▸ Problem to work on: In the entries below, find the line containing "have [z] := qc_uvwy dvy dwy dvw duv duvw duy." and the line containing "have [z [dzv dzw dpz near_v". Copy those two lines and everything between them exactly, and only that.

+-------+

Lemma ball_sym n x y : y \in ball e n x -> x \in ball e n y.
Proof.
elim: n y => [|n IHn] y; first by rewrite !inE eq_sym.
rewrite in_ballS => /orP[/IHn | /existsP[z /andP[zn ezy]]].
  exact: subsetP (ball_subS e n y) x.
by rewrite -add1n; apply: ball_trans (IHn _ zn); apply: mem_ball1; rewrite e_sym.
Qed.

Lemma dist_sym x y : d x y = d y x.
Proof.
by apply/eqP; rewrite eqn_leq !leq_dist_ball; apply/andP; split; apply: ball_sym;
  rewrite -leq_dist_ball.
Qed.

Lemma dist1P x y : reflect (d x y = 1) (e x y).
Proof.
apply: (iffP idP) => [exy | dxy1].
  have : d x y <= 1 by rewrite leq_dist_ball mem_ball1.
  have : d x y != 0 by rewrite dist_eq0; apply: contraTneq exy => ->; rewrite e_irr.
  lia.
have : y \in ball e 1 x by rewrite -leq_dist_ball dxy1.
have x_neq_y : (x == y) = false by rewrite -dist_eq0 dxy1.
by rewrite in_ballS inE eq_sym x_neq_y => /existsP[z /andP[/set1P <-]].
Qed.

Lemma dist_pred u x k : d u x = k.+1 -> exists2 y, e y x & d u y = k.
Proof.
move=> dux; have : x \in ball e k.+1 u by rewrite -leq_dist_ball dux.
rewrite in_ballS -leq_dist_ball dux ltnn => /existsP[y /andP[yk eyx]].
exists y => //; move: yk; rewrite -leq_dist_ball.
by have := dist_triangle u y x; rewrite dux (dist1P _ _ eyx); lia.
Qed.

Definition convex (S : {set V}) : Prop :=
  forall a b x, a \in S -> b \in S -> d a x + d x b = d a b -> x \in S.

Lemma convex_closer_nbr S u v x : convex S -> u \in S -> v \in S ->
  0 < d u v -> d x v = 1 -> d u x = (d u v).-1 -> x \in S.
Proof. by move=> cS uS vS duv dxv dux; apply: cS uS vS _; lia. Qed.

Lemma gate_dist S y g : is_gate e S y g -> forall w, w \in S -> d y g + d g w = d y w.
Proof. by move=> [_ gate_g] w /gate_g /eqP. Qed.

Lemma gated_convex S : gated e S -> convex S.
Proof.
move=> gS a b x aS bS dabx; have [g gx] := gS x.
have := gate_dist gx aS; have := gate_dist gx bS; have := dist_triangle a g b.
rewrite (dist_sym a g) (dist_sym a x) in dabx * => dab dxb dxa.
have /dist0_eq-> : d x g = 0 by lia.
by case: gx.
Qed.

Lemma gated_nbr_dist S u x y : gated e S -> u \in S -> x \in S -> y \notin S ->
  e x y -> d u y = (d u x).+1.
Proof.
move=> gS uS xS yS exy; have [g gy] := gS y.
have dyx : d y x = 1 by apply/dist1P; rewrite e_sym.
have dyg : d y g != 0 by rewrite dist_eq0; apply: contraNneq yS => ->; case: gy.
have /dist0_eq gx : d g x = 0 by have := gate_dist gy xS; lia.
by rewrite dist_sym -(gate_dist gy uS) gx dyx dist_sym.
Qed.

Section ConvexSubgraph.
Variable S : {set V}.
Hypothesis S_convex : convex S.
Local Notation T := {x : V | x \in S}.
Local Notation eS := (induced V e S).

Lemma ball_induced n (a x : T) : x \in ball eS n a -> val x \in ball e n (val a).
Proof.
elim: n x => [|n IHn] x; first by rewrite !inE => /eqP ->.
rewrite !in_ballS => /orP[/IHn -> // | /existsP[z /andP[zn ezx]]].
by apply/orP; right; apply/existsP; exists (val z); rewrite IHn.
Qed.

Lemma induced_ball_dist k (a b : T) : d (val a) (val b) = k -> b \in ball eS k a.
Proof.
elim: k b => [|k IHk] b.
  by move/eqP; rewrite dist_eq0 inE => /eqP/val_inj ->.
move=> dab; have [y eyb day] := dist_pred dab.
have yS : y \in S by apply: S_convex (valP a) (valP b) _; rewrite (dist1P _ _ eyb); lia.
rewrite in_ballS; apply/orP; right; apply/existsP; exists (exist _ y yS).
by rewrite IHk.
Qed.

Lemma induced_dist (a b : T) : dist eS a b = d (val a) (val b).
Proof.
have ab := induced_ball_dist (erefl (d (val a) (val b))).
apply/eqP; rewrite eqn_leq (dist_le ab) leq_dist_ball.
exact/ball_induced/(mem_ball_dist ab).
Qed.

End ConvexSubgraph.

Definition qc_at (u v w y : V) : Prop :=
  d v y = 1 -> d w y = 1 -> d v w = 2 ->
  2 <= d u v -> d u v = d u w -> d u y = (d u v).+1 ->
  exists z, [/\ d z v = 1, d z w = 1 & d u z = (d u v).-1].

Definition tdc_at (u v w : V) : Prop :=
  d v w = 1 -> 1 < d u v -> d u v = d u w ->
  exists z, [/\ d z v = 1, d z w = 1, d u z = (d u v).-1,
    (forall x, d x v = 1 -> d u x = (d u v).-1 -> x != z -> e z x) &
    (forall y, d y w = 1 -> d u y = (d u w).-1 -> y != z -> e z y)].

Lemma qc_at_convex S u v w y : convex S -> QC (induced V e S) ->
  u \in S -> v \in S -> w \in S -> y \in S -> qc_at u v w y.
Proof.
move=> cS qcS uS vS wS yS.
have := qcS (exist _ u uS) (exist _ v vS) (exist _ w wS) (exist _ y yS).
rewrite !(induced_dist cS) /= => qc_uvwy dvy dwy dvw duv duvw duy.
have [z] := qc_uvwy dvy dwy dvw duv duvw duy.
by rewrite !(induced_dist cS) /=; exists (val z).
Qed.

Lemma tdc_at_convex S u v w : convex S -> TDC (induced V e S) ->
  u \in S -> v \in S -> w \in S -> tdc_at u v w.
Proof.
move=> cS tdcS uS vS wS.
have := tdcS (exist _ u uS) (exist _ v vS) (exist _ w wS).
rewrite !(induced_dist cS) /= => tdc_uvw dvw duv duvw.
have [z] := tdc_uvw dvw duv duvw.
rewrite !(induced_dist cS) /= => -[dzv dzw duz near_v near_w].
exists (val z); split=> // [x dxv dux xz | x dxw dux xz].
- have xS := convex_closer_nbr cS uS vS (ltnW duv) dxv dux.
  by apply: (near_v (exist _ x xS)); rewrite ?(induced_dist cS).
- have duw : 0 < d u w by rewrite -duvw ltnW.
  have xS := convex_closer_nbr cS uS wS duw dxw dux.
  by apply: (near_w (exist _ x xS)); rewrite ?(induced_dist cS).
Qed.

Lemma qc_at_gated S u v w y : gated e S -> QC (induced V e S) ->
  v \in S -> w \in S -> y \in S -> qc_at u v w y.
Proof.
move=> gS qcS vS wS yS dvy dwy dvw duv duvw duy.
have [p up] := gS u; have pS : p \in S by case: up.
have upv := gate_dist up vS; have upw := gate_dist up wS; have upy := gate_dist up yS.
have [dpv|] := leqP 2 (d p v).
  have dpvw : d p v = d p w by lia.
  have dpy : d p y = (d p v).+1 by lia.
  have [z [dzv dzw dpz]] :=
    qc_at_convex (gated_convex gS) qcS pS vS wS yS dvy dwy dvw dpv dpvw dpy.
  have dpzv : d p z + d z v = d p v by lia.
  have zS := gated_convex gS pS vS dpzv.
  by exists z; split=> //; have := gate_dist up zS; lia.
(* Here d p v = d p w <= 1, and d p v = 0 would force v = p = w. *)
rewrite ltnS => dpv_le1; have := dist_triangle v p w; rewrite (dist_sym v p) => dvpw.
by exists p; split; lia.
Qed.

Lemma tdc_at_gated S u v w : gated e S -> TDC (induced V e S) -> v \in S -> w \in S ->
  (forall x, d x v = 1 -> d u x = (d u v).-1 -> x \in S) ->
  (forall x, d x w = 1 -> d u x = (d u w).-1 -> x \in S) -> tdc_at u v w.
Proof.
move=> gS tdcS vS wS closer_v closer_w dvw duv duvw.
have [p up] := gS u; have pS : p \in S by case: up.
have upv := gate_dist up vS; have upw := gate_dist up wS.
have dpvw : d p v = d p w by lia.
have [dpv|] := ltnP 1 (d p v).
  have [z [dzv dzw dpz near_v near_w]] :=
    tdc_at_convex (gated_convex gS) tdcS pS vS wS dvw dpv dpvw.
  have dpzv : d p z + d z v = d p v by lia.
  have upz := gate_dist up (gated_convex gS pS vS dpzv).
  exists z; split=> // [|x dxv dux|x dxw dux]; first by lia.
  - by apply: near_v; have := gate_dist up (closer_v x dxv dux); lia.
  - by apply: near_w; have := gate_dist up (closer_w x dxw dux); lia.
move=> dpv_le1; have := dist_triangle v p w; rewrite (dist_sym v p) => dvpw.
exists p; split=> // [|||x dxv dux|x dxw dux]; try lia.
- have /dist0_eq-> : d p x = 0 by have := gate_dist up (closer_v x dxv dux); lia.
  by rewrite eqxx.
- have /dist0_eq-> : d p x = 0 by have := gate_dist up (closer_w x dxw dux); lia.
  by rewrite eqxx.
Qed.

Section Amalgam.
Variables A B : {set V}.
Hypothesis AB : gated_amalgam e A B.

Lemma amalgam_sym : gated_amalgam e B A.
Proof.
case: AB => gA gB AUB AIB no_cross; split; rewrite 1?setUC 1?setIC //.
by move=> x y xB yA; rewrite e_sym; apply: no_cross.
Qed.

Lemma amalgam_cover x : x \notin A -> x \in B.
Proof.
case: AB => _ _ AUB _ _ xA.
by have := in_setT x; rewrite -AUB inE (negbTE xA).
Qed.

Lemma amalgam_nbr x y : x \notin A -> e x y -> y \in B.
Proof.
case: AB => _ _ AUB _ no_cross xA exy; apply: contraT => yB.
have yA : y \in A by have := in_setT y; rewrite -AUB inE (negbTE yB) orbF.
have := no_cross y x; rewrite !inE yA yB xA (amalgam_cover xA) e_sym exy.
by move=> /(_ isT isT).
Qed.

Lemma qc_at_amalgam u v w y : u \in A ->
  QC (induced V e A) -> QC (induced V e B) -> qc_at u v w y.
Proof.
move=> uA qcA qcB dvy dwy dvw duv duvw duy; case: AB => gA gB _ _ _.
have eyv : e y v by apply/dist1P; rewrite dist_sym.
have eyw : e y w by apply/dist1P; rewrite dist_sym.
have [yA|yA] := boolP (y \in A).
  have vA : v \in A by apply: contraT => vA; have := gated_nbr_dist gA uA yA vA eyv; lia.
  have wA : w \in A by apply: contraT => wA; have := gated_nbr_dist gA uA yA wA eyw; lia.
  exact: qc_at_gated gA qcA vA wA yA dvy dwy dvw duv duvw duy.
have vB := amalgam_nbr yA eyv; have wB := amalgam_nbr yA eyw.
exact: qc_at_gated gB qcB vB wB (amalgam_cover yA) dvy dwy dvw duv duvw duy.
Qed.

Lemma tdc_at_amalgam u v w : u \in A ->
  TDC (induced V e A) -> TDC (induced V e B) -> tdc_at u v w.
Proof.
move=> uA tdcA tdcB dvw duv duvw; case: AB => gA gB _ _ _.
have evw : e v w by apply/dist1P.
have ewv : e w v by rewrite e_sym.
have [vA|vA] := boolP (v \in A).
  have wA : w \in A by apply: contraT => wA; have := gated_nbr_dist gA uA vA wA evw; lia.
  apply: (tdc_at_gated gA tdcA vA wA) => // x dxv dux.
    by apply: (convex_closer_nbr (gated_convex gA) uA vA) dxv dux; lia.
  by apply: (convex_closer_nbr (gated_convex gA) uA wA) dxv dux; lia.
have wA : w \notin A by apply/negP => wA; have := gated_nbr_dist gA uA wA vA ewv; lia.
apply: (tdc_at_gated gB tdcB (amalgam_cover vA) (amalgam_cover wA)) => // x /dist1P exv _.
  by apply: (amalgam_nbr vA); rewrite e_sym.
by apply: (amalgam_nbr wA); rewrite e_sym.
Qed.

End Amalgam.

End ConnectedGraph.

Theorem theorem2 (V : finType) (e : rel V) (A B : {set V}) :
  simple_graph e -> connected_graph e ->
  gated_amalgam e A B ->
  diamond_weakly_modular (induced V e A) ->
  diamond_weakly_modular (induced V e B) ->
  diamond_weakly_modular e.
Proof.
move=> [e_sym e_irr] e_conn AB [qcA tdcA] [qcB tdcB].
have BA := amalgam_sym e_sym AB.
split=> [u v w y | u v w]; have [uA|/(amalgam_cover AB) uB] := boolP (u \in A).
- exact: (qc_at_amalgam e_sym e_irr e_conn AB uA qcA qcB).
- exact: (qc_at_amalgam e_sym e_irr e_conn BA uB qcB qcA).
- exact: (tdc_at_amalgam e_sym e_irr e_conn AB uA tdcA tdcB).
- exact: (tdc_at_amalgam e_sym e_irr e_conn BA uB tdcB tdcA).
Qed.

+-------+

▸ Answer area:
have [z] := qc_uvwy dvy dwy dvw duv duvw duy.
by rewrite !(induced_dist cS) /=; exists (val z).
Qed.

Lemma tdc_at_convex S u v w : convex S -> TDC (induced V e S) ->
  u \in S -> v \in S -> w \in S -> tdc_at u v w.
Proof.
move=> cS tdcS uS vS wS.
have := tdcS (exist _ u uS) (exist _ v vS) (exist _ w wS).
rewrite !(induced_dist cS) /= => tdc_uvw dvw duv duvw.
have [z] := tdc_uvw dvw duv duvw.
rewrite !(induced_dist cS) /= => -[dzv dzw duz near_v near_w].
exists (val z); split=> // [x dxv dux xz | x dxw dux xz].
- have xS := convex_closer_nbr cS uS vS (ltnW duv) dxv dux.
  by apply: (near_v (exist _ x xS)); rewrite ?(induced_dist cS).
- have duw : 0 < d u w by rewrite -duvw ltnW.
  have xS := convex_closer_nbr cS uS wS duw dxw dux.
  by apply: (near_w (exist _ x xS)); rewrite ?(induced_dist cS).
Qed.

Lemma qc_at_gated S u v w y : gated e S -> QC (induced V e S) ->
  v \in S -> w \in S -> y \in S -> qc_at u v w y.
Proof.
move=> gS qcS vS wS yS dvy dwy dvw duv duvw duy.
have [p up] := gS u; have pS : p \in S by case: up.
have upv := gate_dist up vS; have upw := gate_dist up wS; have upy := gate_dist up yS.
have [dpv|] := leqP 2 (d p v).
  have dpvw : d p v = d p w by lia.
  have dpy : d p y = (d p v).+1 by lia.
  have [z [dzv dzw dpz]] :=
    qc_at_convex (gated_convex gS) qcS pS vS wS yS dvy dwy dvw dpv dpvw dpy.
  have dpzv : d p z + d z v = d p v by lia.
  have zS := gated_convex gS pS vS dpzv.
  by exists z; split=> //; have := gate_dist up zS; lia.
(* Here d p v = d p w <= 1, and d p v = 0 would force v = p = w. *)
rewrite ltnS => dpv_le1; have := dist_triangle v p w; rewrite (dist_sym v p) => dvpw.
by exists p; split; lia.
Qed.

Lemma tdc_at_gated S u v w : gated e S -> TDC (induced V e S) -> v \in S -> w \in S ->
  (forall x, d x v = 1 -> d u x = (d u v).-1 -> x \in S) ->
  (forall x, d x w = 1 -> d u x = (d u w).-1 -> x \in S) -> tdc_at u v w.
Proof.
move=> gS tdcS vS wS closer_v closer_w dvw duv duvw.
have [p up] := gS u; have pS : p \in S by case: up.
have upv := gate_dist up vS; have upw := gate_dist up wS.
have dpvw : d p v = d p w by lia.
have [dpv|] := ltnP 1 (d p v).
  have [z [dzv dzw dpz near_v near_w]] :=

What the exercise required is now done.